Patterns of regional lymph node metastasis predict postoperative overall survival and disease-free survival in locally advanced esophageal squamous cell carcinoma

Introduction

Esophageal cancer (EC) is the sixth leading cause of cancer-related death in the world (1). In China, the predominant type of EC is esophageal squamous cell carcinoma (ESCC) (2). Despite advances in therapeutic strategies, the prognosis of EC remained poor (3). Surgery is the primary mainstream treatment modality for locally advanced ESCC. However, postoperative locoregional recurrences and distant metastasis remains a considerably heavy tumor burden, which results in dismal overall survival (OS) (4,5)and quality of life (6).
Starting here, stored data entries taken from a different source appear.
(* Let $\mathfrak L_1,\dots,\mathfrak L_n,\mathfrak L$ be complete lattices and let $(\mathcal F_\alpha)_{\alpha\in\mathcal O}$ be a family with $\mathcal F_\alpha:\mathfrak L_1\times\dots\times\mathfrak L_n\to(\mathfrak L\to^+\mathfrak L)$ which is $\limsup$-pushable in all arguments (i.e. the family of maps $(\vec{\mathcal G},\mathcal X)\mapsto\mathcal F_\alpha(\vec{\mathcal G})(\mathcal X)$ is $\limsup$-pushable). Then for every $\beta\in\mathcal O$ the family $\mathcal H_\alpha:\mathfrak L_1\times\dots\times\mathfrak L_n\to\mathfrak L$, $\mathcal H_\alpha(\vec{\mathcal G})=\nu^\beta(\mathcal F_\alpha(\vec{\mathcal G}))$, is $\limsup$-pushable.
   Context: $\mathcal O$ is the set of ordinals $\le\top_{\mathsf{ord}}$ for a fixed ordinal $\top_{\mathsf{ord}}$ ($=\beth_\omega$); $\lambda$ ranges over nonzero limit ordinals in $\mathcal O$. For a complete lattice $\mathfrak L$ and $f:\mathcal O\to\mathfrak L$: $\liminf_{\alpha\to\lambda}f(\alpha)=\sup_{\alpha_0<\lambda}\inf_{\alpha_0\le\alpha<\lambda}f(\alpha)$, $\limsup_{\alpha\to\lambda}f(\alpha)=\inf_{\alpha_0<\lambda}\sup_{\alpha_0\le\alpha<\lambda}f(\alpha)$; on products of lattices these are taken componentwise. $\mathfrak L\to^+\mathfrak L$ is the set of monotone maps. For $f:\mathfrak L\to\mathfrak L$ and $g\in\mathfrak L$, transfinite iteration: $f^0(g)=g$, $f^{\alpha+1}(g)=f(f^\alpha(g))$, $f^\lambda(g)=\limsup_{\alpha\to\lambda}f^\alpha(g)$; $\nu^\alpha f:=f^\alpha(\top)$, $\mu^\alpha f:=f^\alpha(\bot)$. A family $(\mathcal F_\alpha)_{\alpha\in\mathcal O}$ of maps $\mathfrak K\to\mathfrak K'$ between complete lattices is $\limsup$-pushable if for every $\mathcal G:\mathcal O\to\mathfrak K$ and every nonzero limit $\lambda$: $\limsup_{\alpha\to\lambda}\mathcal F_\gamma(\mathcal G_\alpha)\sqsubseteq\mathcal F_\gamma(\limsup_{\alpha\to\lambda}\mathcal G_\alpha)$ for all $\gamma\in\mathcal O$, and $\limsup_{\alpha\to\lambda}\mathcal F_\alpha(\mathcal G_\alpha)\sqsubseteq\mathcal F_\lambda(\limsup_{\alpha\to\lambda}\mathcal G_\alpha)$. *)

From Stdlib Require Import ClassicalEpsilon FunctionalExtensionality.
From mathcomp Require Import ssreflect ssrfun ssrbool eqtype ssrnat fintype.

Set Implicit Arguments.
Unset Strict Implicit.
Lemma frac_equiv_gcong g h : gcong R g h -> frac_equiv g h.
Proof.
elim=> {g h} [g|g h _ IH|g h f _ IH1 _ IH2|x y u v H|x y a b].
- exact: mcong_refl.
- exact: mcong_sym.
- exact: frac_equiv_trans IH1 IH2.
- rewrite /frac_equiv !numerator_cat !inv_count_cat !numerator_iota !inv_count_iota -!catA.
  exact: mcong_rel H.
- exact: frac_equiv_free.
Qed.

Lemma BM_embeds u v : gcong R (Defs.iota u) (Defs.iota v) -> mcong R u v.
Proof.
move/frac_equiv_gcong; rewrite /frac_equiv !numerator_iota !inv_count_iota.
by rewrite /Delta_pow muln0 !cats0.
Qed.

Local Notation iDelta := (Defs.iota Delta).

Lemma inv_letter c : gcong R [:: (c, true)] (Defs.iota (compl c) ++ ginv iDelta).
Proof.
apply: gcong_trans (_ : gcong R ([:: (c, true)] ++ (iDelta ++ ginv iDelta)) _).
  by rewrite -{1}[[:: (c, true)]]cats0; apply/gcong_catl/gcong_sym/mulgV.
apply: gcong_trans (_ : gcong R ([:: (c, true)] ++
                          (Defs.iota ([:: c] ++ compl c) ++ ginv iDelta)) _).
  by apply/gcong_catl/gcong_catr/gcong_of_mcong/mcong_sym/compl_r.
exact: (gcong_free R [::] _ c true).
Qed.

Lemma Delta_inv_central a : gcong R (ginv iDelta ++ Defs.iota a) (Defs.iota a ++ ginv iDelta).
Proof.
apply: gcong_trans (_ : gcong R (ginv iDelta ++ Defs.iota a ++ (iDelta ++ ginv iDelta)) _).
  by rewrite -{1}[Defs.iota a]cats0; apply/gcong_catl/gcong_catl/gcong_sym/mulgV.
apply: gcong_trans (_ : gcong R (ginv iDelta ++ (iDelta ++ Defs.iota a) ++ ginv iDelta) _).
  apply: gcong_catl; rewrite catA; apply: gcong_catr.
  by rewrite -!iota_cat; apply/gcong_of_mcong/Delta_central.
rewrite !catA; exact: gcong_catr _ (gcong_catr _ (mulVg R iDelta)).
Qed.

Lemma BM_fractions g : exists a b, gcong R g (Defs.iota a ++ ginv (Defs.iota b)).
Proof.
elim: g => [|[c s] g [a [b IH]]]; first by exists [::], [::]; apply: gcong_refl.
rewrite -cat1s; case: s.
  exists (compl c ++ a), (b ++ Delta).
  apply: gcong_trans (gcong_catl _ IH) _.
  apply: gcong_trans (gcong_catr _ (inv_letter c)) _.
  rewrite !iota_cat ginv_cat -!catA; apply: gcong_catl; rewrite !catA; apply: gcong_catr.
  exact: Delta_inv_central.
by exists (c :: a), b; exact: gcong_catl IH.
Qed.

Theorem BM_group_of_fractions : group_of_fractions R.
Proof. by split; [exact: BM_embeds | exact: BM_fractions]. Qed.

Local Notation R2 := (artin_I2_rel (k.*2.+1)).

Lemma altSS a n : alt a n.+2 =
  alt a n ++ [:: (if odd n then ~~ a else a); (if odd n.+1 then ~~ a else a)].
Proof. by rewrite /alt /mkseq -addn2 iotaD map_cat. Qed.

Lemma flatten_nseqSr (x : seq bool) j : flatten (nseq j.+1 x) = flatten (nseq j x) ++ x.
Proof. by rewrite -[j.+1]addn1 nseqD flatten_cat /= cats0. Qed.

Lemma alt_false_odd j : alt false j.*2.+1 = false :: flatten (nseq j [:: true; false]).
Proof.
elim: j => [//|j IH]; rewrite doubleS altSS IH /= odd_double /=.
by rewrite -flatten_nseqSr.
Qed.

Lemma alt_true_odd j : alt true j.*2.+1 = flatten (nseq j [:: true; false]) ++ [:: true].
Proof.
elim: j => [//|j IH]; rewrite doubleS altSS IH /= odd_double /= -catA.
by rewrite -[RHS]/(flatten (nseq j.+1 [:: true; false]) ++ [:: true]) flatten_nseqSr -catA.
Qed.

Definition to_artin (c : bool) : seq (bool * bool) :=
  if c then [:: (true, false); (false, false)] else [:: (false, false)].
Definition of_artin (c : bool) : seq (bool * bool) :=
  if c then [:: (true, false); (false, true)] else [:: (false, false)].

Definition to_artin_word (w : seq bool) :=
  flatten [seq if c then [:: true; false] else [:: false] | c <- w].

Lemma gsubst_to_artin w : gsubst to_artin (Defs.iota w) = Defs.iota (to_artin_word w).
Proof. by elim: w => //= c w IH; rewrite -cat1s gsubst_cat IH; case: c. Qed.

Lemma to_artin_word_cat u v : to_artin_word (u ++ v) = to_artin_word u ++ to_artin_word v.
Proof. by rewrite /to_artin_word map_cat flatten_cat. Qed.

Lemma to_artin_word_r2 j : to_artin_word (nseq j true) = flatten (nseq j [:: true; false]).
Proof. by elim: j => //= j IH; rewrite -IH. Qed.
Postoperative positive lymph node number is of great significance in predicting OS of ESCC patients (7). Moreover, the total number of resected lymph nodes (TLNs), representative of the extent of lymphadenectomy, was also shown to be an important prognosticator for surgically resected ESCC (8). The researchers further integrated these two nodal characteristics by calculating the ratio of number of metastatic nodes to the number of resected nodes and named it positive lymph node ratio (PLNR) (9-11). Previous studies have explored the prognostic significance of PLNR in EC (12-14). In addition, the distribution of metastatic lymph nodes may be associated with the various biological features of the primary tumor (15). Differences in the location of metastatic lymph nodes were also reported as a prognostic factor for ESCC (16). However, there is currently limited research dedicated to examining the impact of lymph node-related characteristics on locally advanced ESCC.

The current study set out to investigate the association between the lymph node-related characteristics and prognosis of locally advanced ESCC patients. In addition, we attempted to depict the patterns of regional lymph node metastasis and investigate their predictive ability in assessing postoperative recurrence and distant metastasis. We present this article in accordance with the STROBE reporting checklist (available at https://jgo.amegroups.com/article/view/10.21037/jgo-23-976/rc).

Methods

Study design and patient characteristics

This study was a single-center, retrospective study. A prospectively maintained database of patients with locally advanced ESCC who underwent esophagectomy between January 2010 and November 2019 at the Department of Thoracic Surgery, The First Affiliated Hospital of Shantou University Medical College was reviewed. The patients were enrolled according to the following criteria: (I) pathologically confirmation of ESCC and underwent esophagectomy; (II) ESCC was the primary malignancy; (III) complete and retrievable clinical records. Patients with esophageal adenocarcinoma/adenosquamous carcinoma, M1 disease before surgery, and incomplete medical records which hamper the statistical analyzes were excluded. A flowchart of the study design is shown in Figure 1. The study protocol was approved by the ethics committee of The First Affiliated Hospital of Shantou University Medical College (KY-No.2020-094). The study was conducted in accordance with the Declaration of Helsinki (as revised in 2013). As a retrospective study, the need for informed consent was waived by the institutional review board.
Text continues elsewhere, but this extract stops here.